CONTROL OF TEMPERATURE IN HEAT EXCHANGERS
There
are three basic ways by which the temperature of the hot fluid being cooled in
a heat exchanger may be controlled, when the cooling medium is sea water.
a)
By
by-passing a proportion of the hot fluid flow, the remainder being passed
through the heat exchanger.
b)
By
throttling the sea water flow, or, alternatively, by-passing a proportion of
it.
c)
By
controlling the temperature of the sea water entering the heat exchanger—this
is done in the sea water system as a whole, by spilling part of the heated
discharge back into the pump suction.
MAINTENANCE
OF HEAT EXCHANGERS
The
only attention that heat exchangers should require is to ensure that the heat
transfer surfaces remain substantially clean and the flow passages generally
clear of obstruction. Indication that undue fouling is occurring is given by a
progressive increase in the temperature difference between the two fluids, over
a period of time, usually accompanied by a noticeable rise in pressure loss at
a given flow.
Fouling
on the sea water side is the most usual cause of deterioration in performance.
The method of cleaning the sea water side surfaces depends upon the type of
heat exchanger. With the shell-and-tube type, the removal of the header covers
or, in the case of smaller heat exchangers, the headers themselves, will
provide access to the tubes.
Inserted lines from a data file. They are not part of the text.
Lemma config_bij : bijective config.
Proof.
exists (fun k : {ffun E -> bool} => [set e | k e]).
  by move=> X; apply/setP => e; rewrite inE ffunE.
by move=> k; apply/ffunP => e; rewrite ffunE inE.
Qed.

Definition lap_det (X : {set E}) : R :=
  \det (lap_mx src tgt (conductance q (config X))).

Lemma lap_det_gt0 (X : {set E}) : 0 < lap_det X.
Proof.
apply/det_posdef_gt0/lap_mx_posdef => // e; rewrite /conductance.
by case: (config X e) => //; apply: lt_le_trans q_ge1.
Qed.

Lemma lap_mx_config_setU1 (X : {set E}) e : e \notin X ->
  lap_mx src tgt (conductance q (config (e |: X))) =
  lap_mx src tgt (conductance q (config X)) +
  (q - 1) *: ((edge_vec src tgt e)^T *m edge_vec src tgt e).
Proof.
move=> eX; apply: lap_mx_update => g; rewrite /conductance !ffunE !inE.
by case: (eqVneq g e) => [->|_]; rewrite ?(negbTE eX) ?mul1r ?mul0r ?addr0 // addrC subrK.
Qed.

Lemma lap_det_submod2 (Z : {set E}) e g : e != g -> e \notin Z -> g \notin Z ->
  lap_det (g |: (e |: Z)) * lap_det Z <= lap_det (e |: Z) * lap_det (g |: Z).
Proof.
move=> eg eZ gZ; have geZ : g \notin e |: Z by rewrite !inE negb_or eq_sym eg.
rewrite /lap_det !lap_mx_config_setU1 //.
apply: det_rank1_updates_submod; rewrite ?subr_ge0 ?lap_mx_tr //.
by rewrite unitmxE unitfE lt0r_neq0 // lap_det_gt0.
Qed.

Lemma weight_config r (X : {set E}) :
  weight src tgt q r (config X) = bernoulli_prod r X / Num.sqrt (lap_det X).
Proof.
rewrite /weight detLap_lap_mx /bernoulli_prod (bigID (mem X)) /=; congr (_ * _ / _).
  rewrite (eq_bigr (fun=> r)) => [|e ->//]; rewrite prodr_const /h_count.
  by congr (_ ^+ _); apply: eq_card => e; rewrite inE ffunE.
rewrite (eq_bigr (fun=> 1 - r)) => [|e /negbTE ->//]; rewrite /s_count.
under eq_bigl do rewrite -in_setC.
by rewrite prodr_const; congr (_ ^+ _); apply: eq_card => e; rewrite !inE ffunE.
Qed.

Lemma weight_config_ge0 r (X : {set E}) :
  0 <= r <= 1 -> 0 <= weight src tgt q r (config X).
Proof. by move=> r01; rewrite weight_config divr_ge0 ?sqrtr_ge0 ?bernoulli_prod_ge0. Qed.

Lemma sum_weight_config_gt0 r :
  0 <= r <= 1 -> 0 < \sum_X weight src tgt q r (config X).
Proof.
move=> r01; rewrite (bigD1 (if r == 1 then [set: E] else set0)) //=.
rewrite ltr_pwDl ?sumr_ge0 // => [|X _]; last exact: weight_config_ge0.
by rewrite weight_config divr_gt0 ?sqrtr_gt0 ?lap_det_gt0 ?bernoulli_prod_gt0.
Qed.

Lemma weight_config_holley p p' (X Y : {set E}) : 0 <= p -> p <= p' -> p' <= 1 ->
  weight src tgt q p (config X) * weight src tgt q p' (config Y) <=
  weight src tgt q p' (config (X :|: Y)) * weight src tgt q p (config (X :&: Y)).
Proof.
move=> p_ge0 le_pp' p'_le1; have p01 : 0 <= p <= 1 by rewrite p_ge0 (le_trans le_pp').
have det_ge0 Z : 0 <= lap_det Z := ltW (lap_det_gt0 Z).
have sqrt_gt0 Z : 0 < Num.sqrt (lap_det Z) by rewrite sqrtr_gt0 lap_det_gt0.
rewrite !weight_config !mulf_div; apply: ler_pM.
- by rewrite mulr_ge0 ?bernoulli_prod_ge0 // p'_le1 (le_trans p_ge0).
- by rewrite invr_ge0 mulr_ge0 // ltW.
- exact: bernoulli_prod_holley.
rewrite lef_pV2 ?posrE ?mulr_gt0 // -!sqrtrM // ler_sqrt ?mulr_ge0 //.
exact: (submod_setUI lap_det_gt0 lap_det_submod2 X Y).
Qed.

Lemma prob_config r (A : pred {ffun E -> bool}) : prob src tgt q r A =
  (\sum_(X | A (config X)) weight src tgt q r (config X)) /
  (\sum_X weight src tgt q r (config X)).
Proof. by rewrite /prob !(reindex config) //; apply: onW_bij; apply: config_bij. Qed.

End ConductanceModel.

Theorem lemma4p7 (R : rcfType) (V E : finType) (src tgt : E -> V)
  (q p p' : R) :
  simple_graph src tgt -> connected_graph src tgt ->
  1 <= q -> 0 <= p -> p <= p' -> p' <= 1 ->
  forall A : pred {ffun E -> bool}, increasing_event A ->
  prob src tgt q p A <= prob src tgt q p' A.
Proof.
move=> _ conn q_ge1 p_ge0 le_pp' p'_le1 A A_incr.
have p01 : 0 <= p <= 1 by rewrite p_ge0 (le_trans le_pp').
have p'01 : 0 <= p' <= 1 by rewrite p'_le1 (le_trans p_ge0).
rewrite !prob_config; apply: holley_domination => [X|X|||X Y|X Y sXY].
- exact: weight_config_ge0.
- exact: weight_config_ge0.
- exact: sum_weight_config_gt0.
- exact: sum_weight_config_gt0.
- exact: weight_config_holley.
- by apply: A_incr => e; rewrite !ffunE; apply/implyP => /(subsetP sXY).
Qed.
Obstructions, dirt, scale etc., can then be
removed, using the tools provided by the manufacturer. Flushing through with
fresh water is recommended before a heat exchanger is returned to service. In
some applications, such as piston oil cooling, progressive fouling may take
place on the outside of the tubes. Most manufacturers recommend a chemical
flushing process to remove this in- situ, without dismantling the heat
exchanger.
Plate
heat exchangers may be cleaned by unclamping the stack of plates and
mechanically cleaning the surface of each plate as recommended by the
manufacturers. The plate seals may require replacement from time to time and
here the manufacturers’ instructions should be closely followed.
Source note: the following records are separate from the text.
(* For $p\ge2$, $\dfrac{1+z_p}{2}\ge\dfrac{p}{p+2}$, equivalently $\dfrac{1+z_p}{1-z_p}\ge\dfrac p2$.
   Context: For $p=\alpha(\alpha+1)$, $\alpha>0$, $L_\alpha$ is the solution on $(-1,1)$ of $(1-s^2)y''-2sy'+py=0$ bounded near $1$ with $L_\alpha(1)=1$, and $z_p$ is its largest zero in $(-1,1)$ (for $p=2$, $L_1(s)=s$, $z_2=0$). *)

From Stdlib Require Import Reals Lra.
Open Scope R_scope.

Definition legendre_ode (p : R) (L : R -> R) : Prop :=
  exists L1 L2 : R -> R,
    forall s, -1 < s < 1 ->
      derivable_pt_lim L s (L1 s) /\
      derivable_pt_lim L1 s (L2 s) /\
      (1 - s^2) * L2 s - 2 * s * L1 s + p * L s = 0.

Definition bounded_near_1 (L : R -> R) : Prop :=
  exists M d, 0 < d /\ forall s, 1 - d < s < 1 -> Rabs (L s) <= M.

(* L(1) = 1, understood as the (left) limit at 1 of the solution on (-1,1). *)
Definition value_1_at_1 (L : R -> R) : Prop :=
  forall eps, 0 < eps -> exists d, 0 < d /\
    forall s, 1 - d < s < 1 -> Rabs (L s - 1) < eps.

Definition is_L_alpha (alpha : R) (L : R -> R) : Prop :=
  legendre_ode (alpha * (alpha + 1)) L /\ bounded_near_1 L /\ value_1_at_1 L.

Definition largest_zero (L : R -> R) (z : R) : Prop :=
  -1 < z < 1 /\ L z = 0 /\ forall s, z < s < 1 -> L s <> 0.

From Stdlib Require Import Reals Lra Psatz Ranalysis5.
Open Scope R_scope.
Although maintenance is a rapid, simple operation, the heat transfer
plates must be handled with care.
Corrosion
by sea water may occasionally cause perforation of heat transfer surfaces. This
will cause leakage of one fluid into the other but this is not always easy to
detect whilst the leakage is small, although substantial leaks may become
evident through rapid loss of lubricating oil, jacket water etc.
Location
of a perforation is a straight forward matter in the case of a tubular heat
exchanger, whether this is of the shell-and-tube type or of other tubular
construction. Having drained the heat exchanger of sea water and removed the
covers or headers to expose the tube ends, some flow of the liquid on the other
side of the surface will be apparent, in the case of oil and water coolers,
from any tubes which are perforated. To test for leaks in air coolers drain
coolers etc. each tube in turn can be plugged at each end and pressurized with
air; inability to hold pressure indicates a leak.
To
aid the detection of leaks in a large cooler such as a main condenser, in which
it is difficult to get the tubes dry enough to witness any seepage, it is usual
to add a special fluorescent dye to the shell side of the cooler. When a
ultra-violet light is shone on to the tubes and tube plates any seepage is seen
since the dye glows with a vivid green light. In plate heat exchangers, the
only way to locate leaks is by visual inspection of the plate surfaces.
On
docking for any protracted period, such as for repairs, refitting etc. it is
advisable to drain the sea water side of heat exchangers, clean and flush
through with fresh water, after which the heat exchanger should be left
drained, if possible until the ship re-enters service.